Error in classify.otu when using subsetted data

I have a problem with classify.otu–command. First I have had a larger dataset which I have processed through several steps including classify.seqs and remove.lineage. After those steps, and before I used dist.seqs, I decided to split the dataset into smaller subsets. This is because the large dataset included several different sampling sets that do not need a common otu table and because this way I was able to reduce the computing time and memory need for dist.seqs and cluster.

Now, when I run classify.otu with the taxonomy-file (produced before subsetting) and the subsetted dataset I get a huge list of sequences that “are not in my taxonomy file”.

Of course, I could go back and separate the sample sets already in an earlier phase of the protocol and use couple of days for running all the steps again. However, a direct solution would be nice and, especially, it would be nice to understand why this did not work. I have understood that taxonomy-file includes only information about sequences and taxonomy (i.e. no group information).
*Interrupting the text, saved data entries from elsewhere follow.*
(* Let $\|\cdot\|$ be a norm on $\mathbb{R}^d$ and $T:\mathbb{R}^d\to\mathbb{R}^d$ nonexpansive for it with $\operatorname{Fix}T\neq\emptyset$. Let $\tilde T:\mathbb{R}^d\times\Xi\to\mathbb{R}^d$ be a stochastic oracle with $\mathbb{E}(\tilde T(x,\xi))=Tx$ for $\xi\sim\mathcal{D}_x$, and with uniformly bounded variance: $\sup_{x}\mathbb{E}(\|\tilde T(x,\xi)-Tx\|_2^2)\le\sigma^2$. Consider the stochastic Halpern method: given $x^0$, for $n=1,\dots,N$, draw $k_n$ independent samples $\xi_{n,1},\dots,\xi_{n,k_n}\sim\mathcal{D}_{x^{n-1}}$ and set $x^n=(1-\beta_n)x^0+\beta_n\frac{1}{k_n}\sum_{j=1}^{k_n}\tilde T(x^{n-1},\xi_{n,j})$, with $\beta_n=\frac{n}{n+1}$. Then, given $\varepsilon>0$, this method with $k_n=n^4$ returns a point $x^N$ with $\mathbb{E}(\|x^N-Tx^N\|)\le\varepsilon$ using at most $\tilde O(\varepsilon^{-5})$ queries to the stochastic oracle $\tilde T$.
   Context: $\|\cdot\|_2$ is the Euclidean norm. $\tilde O$ denotes big-$O$ ignoring logarithmic factors. The number of queries is the total number $\sum_{n=1}^N k_n$ of evaluations of $\tilde T$. The stepsize $\beta_n=n/(n+1)$ is the one used throughout the paper's explicit results. *)

From HB Require Import structures.
From mathcomp Require Import all_boot all_order all_algebra.
From mathcomp Require Import all_classical all_reals all_analysis.
From mathcomp Require Import measurable_realfun.
Set Implicit Arguments. Unset Strict Implicit. Unset Printing Implicit Defensive.
Import Order.TTheory GRing.Theory Num.Theory.
Local Open Scope classical_set_scope.
Local Open Scope ring_scope.

(* R^d with its Borel sigma-algebra (generated by the open sets of the
   product topology on row vectors). Definitionally equal to 'rV[R]_d. *)
Section Rd_def.
Import numFieldNormedType.Exports.
Variables (R : realType) (d : nat).
Definition Rd := g_sigma_algebraType (@open 'rV[R]_d).
HB.instance Definition _ := Measurable.on Rd.
End Rd_def.

Definition is_norm (R : realType) (d : nat) (nrm : 'rV[R]_d -> R) : Prop :=
  [/\ forall x, nrm x = 0 -> x = 0,
      forall (a : R) x, nrm (a *: x) = `|a| * nrm x
    & forall x y, nrm (x + y) <= nrm x + nrm y].

Definition sqnorm2 (R : realType) (d : nat) (v : 'rV[R]_d) : R :=
  \sum_(i < d) (v ord0 i) ^+ 2.

Definition nonexpansive (R : realType) (d : nat) (nrm : 'rV[R]_d -> R)
  (T : 'rV[R]_d -> 'rV[R]_d) : Prop :=
  forall x y, nrm (T x - T y) <= nrm (x - y).
(* With r = sqrt n >= 21: 2s <= 2r + 2 <= 2 r^2 / 13 - r. *)
Lemma double_ceil_sqrt_le n m : (481 <= n)%N ->
  INR m >= 2 * INR n / 13 - sqrt (INR n) -> (2 * ceil_sqrt n <= m)%N.
Proof.
intros n_ge m_ge.
assert (s_lt : (Nat.pred (ceil_sqrt n) * Nat.pred (ceil_sqrt n) < n)%coq_nat).
{ apply/ltP; case/andP: (ceil_sqrt_spec (n := n) ltac:(lia)) => lt _; exact lt. }
apply/leP; apply INR_le.
set (r := sqrt (INR n)) in *; set (s := ceil_sqrt n) in *.
assert (r_ge0 : 0 <= r) by apply sqrt_pos.
assert (r_sq : r * r = INR n) by (apply sqrt_sqrt, pos_INR).
assert (n_ge' : 481 <= INR n).
{ pose proof (le_INR 481 n ltac:(lia)) as h; rewrite INR_IZR_INZ in h; exact h. }
assert (r_ge : 21 <= r) by nra.
pose proof (lt_INR _ _ s_lt) as s_lt'; rewrite mult_INR in s_lt'.
pose proof (pos_INR (Nat.pred s)).
assert (s_lt_r : INR (Nat.pred s) < r) by nra.
rewrite mult_INR; destruct s as [|s'].
- simpl; pose proof (pos_INR m); lra.
- rewrite -r_sq in m_ge; rewrite (S_INR s'); simpl Nat.pred in s_lt_r.
  assert ((r - 21) * (2 * r + 3) >= 0) by nra.
  simpl; lra.
Qed.

End SizeCondition.

Theorem lemma4p1 (n : nat) : size_condition n ->
  exists F : rel 'I_n,
    [/\ is_tournament F,
        (* (I) *)
        (forall x, 3 * outdeg F x <= 2 * n /\ 3 * indeg F x <= 2 * n),
        (* (II) *)
        (forall A1 A2 : {set 'I_n},
            [disjoint A1 & A2] -> #|A1| = ceil_sqrt n -> #|A2| = ceil_sqrt n ->
            ~ (forall a1 a2, a1 \in A1 -> a2 \in A2 -> F a1 a2))
      & (* (III) *)
        (forall S : {set 'I_n},
            Rge (INR #|S|) (Rminus (Rdiv (Rmult 2 (INR n)) 13) (sqrt (INR n))) -> has_dicycle_in F S)].
Proof.
move=> /size_condition_ge481 n_ge.
have /andP[_ n_le] := ceil_sqrt_spec (leq_trans (isT : 0 < 481) n_ge).
have s_ge : 18 <= ceil_sqrt n by nia.
have [f [deg_le no_complete]] := exists_sparse_orientation n_ge s_ge n_le.
have f_tour := orient_tournament f.
exists (orient f); split=> // S S_large; apply: NNPP => acyclic.
have [A1 [A2 [dis card1 card2 arcs]]] :=
  dicycle_free_dominating_pair f_tour acyclic (double_ceil_sqrt_le n_ge S_large).
exact: no_complete dis card1 card2 arcs.
Qed.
I don’t understand why it doesn’t work with a subset of the original dataset.

Here are my commands, output file names and first lines from the output (instead of real group names I used “A1-A2-A3” because the real list is too long for the example):

classify.seqs(fasta=current, name=current, group=current, template=trainset14_032015.pds.fasta,, cutoff=80, processors=8)

Output File Names:

remove.lineage(fasta=current, name=current, group=current, taxonomy=current, taxon=Mitochondria-Chloroplast-Archaea-Eukaryota-unknown)

Output File Names:




get.groups(fasta=stability.trim.contigs.trim.good.unique.good.filter.unique.precluster.pick.pick.fasta, name=stability.trim.contigs.trim.good.unique.good.filter.unique.precluster.pick.pick.names, group=stability.good.good.pick.pick.groups, groups=A1-A2-A3)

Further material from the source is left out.